Ebola update: 80 people in Dallas may have been exposed to the virus

Texas health officials are scrambling to identify and isolate anyone who may have come in contact with the disease

Published October 2, 2014 2:04PM (EDT)

Scanning electron microscopic image of Ebola virions                                                         (Public Library of Science)
Scanning electron microscopic image of Ebola virions (Public Library of Science)

The first Ebola patient to develop symptoms of the disease in the United States, Thomas Eric Duncan, is in "serious but stable condition" at Texas Health Presbyterian Hospital, while officials scramble to identify and isolate the people he may have come into contact with during the two days between which he developed a fever and was readmitted to the hospital.

Out of an "abundance of caution," Texas and Dallas county officials ordered four of Duncan's close family members to remain home in isolation at least through October 19, and to provide blood samples for monitoring purposes. More than 80 others who came into contact with Duncan are being monitored for symptoms of the virus as well. "We have tried and true protocols to protect the public and stop the spread of this disease," said David Lakey, Texas's health commissioner.
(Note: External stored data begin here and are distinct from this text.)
(* Let $(X,d)$ be a compact geodesic metric space and let $f:X\to\mathbb{R}$ be Lipschitz. Then for every $(x,t)\in X\times(0,\infty)$ one has $|DQ_tf|(x)=\frac{D^+(x,t)}{t}$. Moreover, for every $x\in X$, \[ \frac{d}{dt}Q_tf(x)+\frac12|DQ_tf|^2(x)=0 \] for every $t\in(0,\infty)$ outside an at most countable set.
   Context: Hopf–Lax semigroup: for $t>0$, $Q_tf(x):=\min_{y\in X}F(t,x,y)$ with $F(t,x,y):=f(y)+\frac{d^2(x,y)}{2t}$, and $Q_0f:=f$. For $t>0$, $D^+(x,t):=\max d(x,y)$ and $D^-(x,t):=\min d(x,y)$, where $y$ ranges over the minimizers of $F(t,x,\cdot)$. Slope: $|Dg|(x):=\limsup_{y\to x}\frac{|g(y)-g(x)|}{d(y,x)}$. A metric space is geodesic if any two points $x,y$ are joined by a curve $\gamma:[0,1]\to X$ with $\gamma_0=x$, $\gamma_1=y$ and $d(\gamma_s,\gamma_t)=|t-s|d(x,y)$ for all $s,t$. *)

From Stdlib Require Import Reals Lra List Classical ClassicalEpsilon.
Open Scope R_scope.

Definition is_metric {X : Type} (d : X -> X -> R) : Prop :=
  (forall x y, 0 <= d x y) /\
  (forall x y, d x y = 0 <-> x = y) /\
  (forall x y, d x y = d y x) /\
  (forall x y z, d x z <= d x y + d y z).

Definition is_open {X : Type} (d : X -> X -> R) (U : X -> Prop) : Prop :=
  forall x, U x -> exists r, 0 < r /\ forall y, d x y < r -> U y.

Definition compact_space {X : Type} (d : X -> X -> R) : Prop :=
  forall (I : Type) (U : I -> X -> Prop),
    (forall i, is_open d (U i)) ->
    (forall x, exists i, U i x) ->
    exists l : list I, forall x, exists i, In i l /\ U i x.

Definition geodesic {X : Type} (d : X -> X -> R) : Prop :=
  forall x y, exists gamma : R -> X,
    gamma 0 = x /\ gamma 1 = y /\
    forall s t, 0 <= s <= 1 -> 0 <= t <= 1 ->
      d (gamma s) (gamma t) = Rabs (t - s) * d x y.

Definition lipschitz {X : Type} (d : X -> X -> R) (f : X -> R) : Prop :=
  exists L, forall x y, Rabs (f x - f y) <= L * d x y.

Definition HLF {X : Type} (d : X -> X -> R) (f : X -> R) (t : R) (x y : X) : R :=
  f y + (d x y) ^ 2 / (2 * t).

Definition is_min_of {X : Type} (g : X -> R) (v : R) : Prop :=
  (exists y, v = g y) /\ forall y, v <= g y.

Definition is_max_of {X : Type} (P : X -> Prop) (g : X -> R) (v : R) : Prop :=
  (exists y, P y /\ v = g y) /\ forall y, P y -> g y <= v.

(* Hopf-Lax semigroup: Q_t f(x) = min_y F(t,x,y) for t > 0, Q_0 f = f.
   (Values at t < 0 are irrelevant; we set them to f as well.) *)
Definition Q {X : Type} (d : X -> X -> R) (f : X -> R) (t : R) (x : X) : R :=
  if Rle_dec t 0 then f x
  else epsilon (inhabits 0) (is_min_of (HLF d f t x)).

Definition minimizer {X : Type} (d : X -> X -> R) (f : X -> R) (t : R) (x y : X) : Prop :=
  forall z, HLF d f t x y <= HLF d f t x z.

Definition Dplus {X : Type} (d : X -> X -> R) (f : X -> R) (x : X) (t : R) : R :=
  epsilon (inhabits 0) (is_max_of (minimizer d f t x) (d x)).

Definition Dminus {X : Type} (d : X -> X -> R) (f : X -> R) (x : X) (t : R) : R :=
  epsilon (inhabits 0) (fun v => (exists y, minimizer d f t x y /\ v = d x y) /\
                                 forall y, minimizer d f t x y -> v <= d x y).

Definition isolated {X : Type} (d : X -> X -> R) (x : X) : Prop :=
  exists r, 0 < r /\ forall y, ~ (0 < d y x < r).

(* |Dg|(x) = limsup_{y -> x} |g y - g x| / d(y,x) = L (finite);
   by convention the slope at an isolated point is 0. *)
Definition is_slope {X : Type} (d : X -> X -> R) (g : X -> R) (x : X) (L : R) : Prop :=
  (isolated d x /\ L = 0) \/
  (~ isolated d x /\
   (forall eps, 0 < eps -> exists delta, 0 < delta /\
      forall y, 0 < d y x < delta -> Rabs (g y - g x) / d y x < L + eps) /\
   (forall eps delta, 0 < eps -> 0 < delta -> exists y,
      0 < d y x < delta /\ L - eps < Rabs (g y - g x) / d y x)).

Definition slope {X : Type} (d : X -> X -> R) (g : X -> R) (x : X) : R :=
  epsilon (inhabits 0) (is_slope d g x).

From Stdlib Require Import Reals Lra List Classical ClassicalEpsilon Cantor ZArith.
Open Scope R_scope.

(* Write F(t,x,y) = f y + d(x,y)^2/(2t) and D = D^+(x,t).  Compactness enters only
   through two consequences: upper semicontinuous functions attain their maximum on
   closed sets (giving minimizers of F and the maximum defining D^+), and nested
   nonempty families have a common adherent point (giving upper semicontinuity of
   D^+(., t), since limits of minimizers are minimizers).

   Slope: comparing Q_t f(x) and Q_t f(y) through F evaluated at each other's
   minimizers, together with that semicontinuity, bounds |D Q_t f|(x) by D/t; moving
   along a geodesic from x towards a minimizer at distance D shows the bound is
   attained.

   Time derivative: the same comparison in the time variable shows that the secants
   of t |-> Q_t f(x), measured against 1/(2t), lie between D^+(x,a)^2 and D^+(x,b)^2.
   Hence D^+(x,.)^2 is nondecreasing, so continuous off a countable set (enumerated by
   the rationals separating its jumps), and at each continuity point the squeezed
   secants give the derivative -D^2/(2t^2) = -|D Q_t f|^2(x)/2. *)

Lemma list_argmax {A : Type} (h : A -> R) (l : list A) :
  l <> nil -> exists a, In a l /\ forall b, In b l -> h b <= h a.
Proof.
  induction l as [|a0 l IH]; intros Hne; [contradiction|].
  destruct l as [|a1 l].
  - exists a0. split; [left; reflexivity|]. intros b [<-|[]]. lra.
  - destruct IH as [m [Hm Hmax]]; [discriminate|].
    destruct (Rle_lt_dec (h a0) (h m)) as [Hle|Hlt].
    + exists m. split; [right; exact Hm|].
      intros b [<-|Hb]; [exact Hle|exact (Hmax b Hb)].
    + exists a0. split; [left; reflexivity|].
      intros b [<-|Hb]; [lra|]. pose proof (Hmax b Hb). lra.
Qed.

Lemma list_pos_lower_bound {A : Type} (h : A -> R) (l : list A) :
  (forall a, In a l -> 0 < h a) -> exists m, 0 < m /\ forall a, In a l -> m <= h a.
Proof.
  induction l as [|a0 l IH]; intros Hpos.
  - exists 1. split; [lra|]. intros a [].
  - destruct IH as [m [Hm Hl]]; [intros a Ha; apply Hpos; right; exact Ha|].
    exists (Rmin m (h a0)). split.
    + apply Rmin_glb_lt; [exact Hm|apply Hpos; left; reflexivity].
    + intros a [<-|Ha]; [apply Rmin_r|].
      eapply Rle_trans; [apply Rmin_l|exact (Hl a Ha)].
Qed.

Lemma Rabs_le_between a b : Rabs a <= b -> - b <= a <= b.
Proof.
  intros H. pose proof (Rle_abs a). pose proof (Rle_abs (- a)).
  rewrite Rabs_Ropp in H1. lra.
Qed.

Lemma Rdiv_lt_of_lt_mul a b c : 0 < c -> a < b * c -> a / c < b.
Proof.
  intros Hc H. apply Rmult_lt_reg_r with c; [exact Hc|].
  unfold Rdiv. rewrite Rmult_assoc, Rinv_l by lra. lra.
Qed.

Lemma Rlt_div_of_mul_lt a b c : 0 < c -> b * c < a -> b < a / c.
Proof.
  intros Hc H. apply Rmult_lt_reg_r with c; [exact Hc|].
  unfold Rdiv. rewrite Rmult_assoc, Rinv_l by lra. lra.
Qed.

Section MetricFacts.
Context {X : Type} {d : X -> X -> R} (metric : is_metric d).

Lemma dist_nonneg x y : 0 <= d x y.
Proof. destruct metric as [H _]. apply H. Qed.

Lemma dist_self x : d x x = 0.
Proof. destruct metric as [_ [H _]]. apply H. reflexivity. Qed.

Lemma dist_sym x y : d x y = d y x.
Proof. destruct metric as [_ [_ [H _]]]. apply H. Qed.

Lemma dist_triangle x y z : d x z <= d x y + d y z.
Proof. destruct metric as [_ [_ [_ H]]]. apply H. Qed.

Lemma dist_lipschitz x : lipschitz d (d x).
Proof.
  exists 1. intros y z. rewrite Rmult_1_l. apply Rabs_le.
  pose proof (dist_triangle x y z). pose proof (dist_triangle x z y).
  rewrite (dist_sym z y) in H0. lra.
Qed.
Among those: keeping a close watch on potential patients, a system easier to pull off in the U.S. than in West Africa, where 7,178 cases and 3,338 deaths in five countries have been attributed to the virus since December.

The Department of Health and Human Services is in "advanced discussions" to up the production of Zmapp, the experimental drug given to two American aid workers this summer. The New York Times reports that federal officials, along with the Bill & Melinda Gates Foundation and the Wellcome Trust, are enlisting the help of multiple manufacturers to safely develop the drug. There's been limited testing to determine its effectiveness, however, and at best, only a few hundred or thousand treatment courses will likely be available by early next year -- not nearly enough as would be needed if the epidemic isn't contained.

West Africa, which remains woefully unprepared for the scale of the outbreak. The New York Times has this stomach-churning report from a hospital in one of Sierra Leone's largest cities:

“Where’s the corpse?” the burial-team worker shouted, kicking open the door of the isolation ward at the government hospital here. The body was right in front of him, a solidly built young man sprawled out on the floor all night, his right hand twisted in an awkward clench.

The other patients, normally padlocked inside, were too sick to look up as the body was hauled away. Nurses, some not wearing gloves and others in street clothes, clustered by the door as pools of the patients’ bodily fluids spread to the threshold. A worker kicked another man on the floor to see if he was still alive. The man’s foot moved and the team kept going. It was 1:30 in the afternoon.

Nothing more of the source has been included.